**REQUIREMENT:** Within the lines below, find those that hold the string "lphi" and copy each one.

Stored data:
Lemma conv_inverse_unique f g h : lin_fun f -> lin_fun g -> lin_fun h ->
  cv h f = cou -> cv f g = cou -> h = g.
Proof.
by move=> lf lg lh hf fg; rewrite -(conv_couR S lh) -fg -conv_assoc // hf conv_couL.
Qed.

Lemma conv_inverse f : lin_fun f -> unipotent A f ->
  exists g, [/\ lin_fun g, unipotent A g, cv f g = cou & cv g f = cou].
Proof.
move=> lf uf; have [g [lg ug fg]] := conv_right_inverse lf uf.
have [g' [lg' _ gg']] := conv_right_inverse lg ug.
by exists g; split => //; rewrite (conv_inverse_unique lg lg' lf fg gg').
Qed.

Lemma sandwich_solution phi psi : (2%:R : k) != 0 ->
  lin_fun phi -> unipotent A phi -> lin_fun psi -> unipotent A psi ->
  exists rho, [/\ lin_fun rho, unipotent A rho & forall x, sandwich A psi rho x = phi x].
Proof.
move=> two0 lphi uphi lpsi upsi.
apply: first_order_solution two0 lphi _ (sandwich_first_order (A := A) lpsi upsi) _.
  by move=> R lR _; exact: (conv_lin S (conv_lin S lR lpsi) lR).
rewrite /sandwich /= conv_couL // conv_couR //.
apply: vanish_eq _ (vanish_sub uphi upsi); apply: functional_extensionality => x /=.
by rewrite opprB addrA subrK.
Qed.

End Solutions.

Section Bar.
Variables (k : fieldType) (H : algType k) (S : gc_hopf H).
Implicit Types (f g : H -> k).
Local Notation proj := (proj S).
Local Notation bar := (bar S).
Local Notation cv := (conv S).
Local Notation A := (hopf_dual S).

Lemma bar_widen f x N : lin_fun f -> (gbnd S x <= N)%N ->
  bar f x = \sum_(n < N) (-1) ^+ n * f (proj n x).
Proof.
move=> lf le; rewrite /bar (big_ord_widen _ (fun n => (-1) ^+ n * f (proj n x)) le).
rewrite big_mkcond /=; apply: eq_bigr => i _.
by case: ifP => // /negbT; rewrite -leqNgt => /gbnd_zero ->; rewrite lin0 // mulr0.
Qed.

Lemma bar_lin f : lin_fun f -> lin_fun (bar f).
Proof.
move=> lf a x y.
set N := maxn (gbnd S (a *: x + y)) (maxn (gbnd S x) (gbnd S y)).
rewrite (@bar_widen f (a *: x + y) N) ?leq_maxl //.
rewrite (@bar_widen f x N) // ?(@bar_widen f y N) //; try by rewrite /N; lia.
rewrite mulr_sumr -big_split /=; apply: eq_bigr => i _.
by rewrite (proj_lin S) lf; ring.
Qed.

Lemma bar_proj f n x : lin_fun f -> bar f (proj n x) = (-1) ^+ n * f (proj n x).
Proof.
move=> lf; have ltn : (n < maxn (gbnd S (proj n x)) n.+1)%N by rewrite leq_max ltnSn orbT.
rewrite (@bar_widen f _ (maxn (gbnd S (proj n x)) n.+1)) ?leq_maxl //.
rewrite (bigD1 (Ordinal ltn)) //= proj_id big1 ?addr0 // => j /eqP nj.
by rewrite proj_orth ?lin0 ?mulr0 //; apply/eqP => e; apply: nj; apply: val_inj.
Qed.

Lemma bar_bar f : lin_fun f -> bar (bar f) = f.
Proof.
move=> lf; apply: functional_extensionality.
apply: (lin_ext_proj (S := S)) => //; first by do 2 apply: bar_lin.
move=> n x; rewrite bar_proj; last exact: bar_lin.
by rewrite bar_proj // mulrA -exprMn mulrNN mulr1 expr1n mul1r.
Qed.

Lemma bar_cou : bar (cou S) = cou S.
Proof.
apply: functional_extensionality; apply: (lin_ext_proj (S := S)) => [||n x].
- exact/bar_lin/cou_lin.
- exact: cou_lin.
rewrite bar_proj; last exact: cou_lin.
by case: n => [|n]; rewrite ?expr0 ?mul1r // cou_graded // mulr0.
Qed.

Lemma bar_unipotent f : lin_fun f -> unipotent A f -> unipotent A (bar f).
Proof.
by move=> lf /vanishP uf; apply/vanishP => -[|//] x _; rewrite bar_proj // expr0 mul1r uf.
Qed.

Lemma bar_conv f g : lin_fun f -> lin_fun g -> bar (cv f g) = cv (bar f) (bar g).
Proof.
move=> lf lg; apply: functional_extensionality.
apply: (lin_ext_proj (S := S)) => [||n x].
- exact/bar_lin/conv_lin.
- by apply: conv_lin; apply: bar_lin.
rewrite bar_proj; last exact: conv_lin.
rewrite /conv (cop_graded _ _ _ lf lg) (cop_graded _ _ _ (bar_lin lf) (bar_lin lg)).
rewrite mulr_sumr; apply: eq_bigr => [[i lt_in]] _ /=; rewrite /tens mulr_sumr.
apply: eq_bigr => p _ /=; rewrite !bar_proj //.
have -> : (-1) ^+ n = (-1) ^+ i * (-1) ^+ (n - i) :> k by rewrite -exprD subnKC // -ltnS.
by ring.
Qed.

**TASK OUTPUT:**
move=> two0 lphi uphi lpsi upsi.
apply: first_order_solution two0 lphi _ (sandwich_first_order (A := A) lpsi upsi) _.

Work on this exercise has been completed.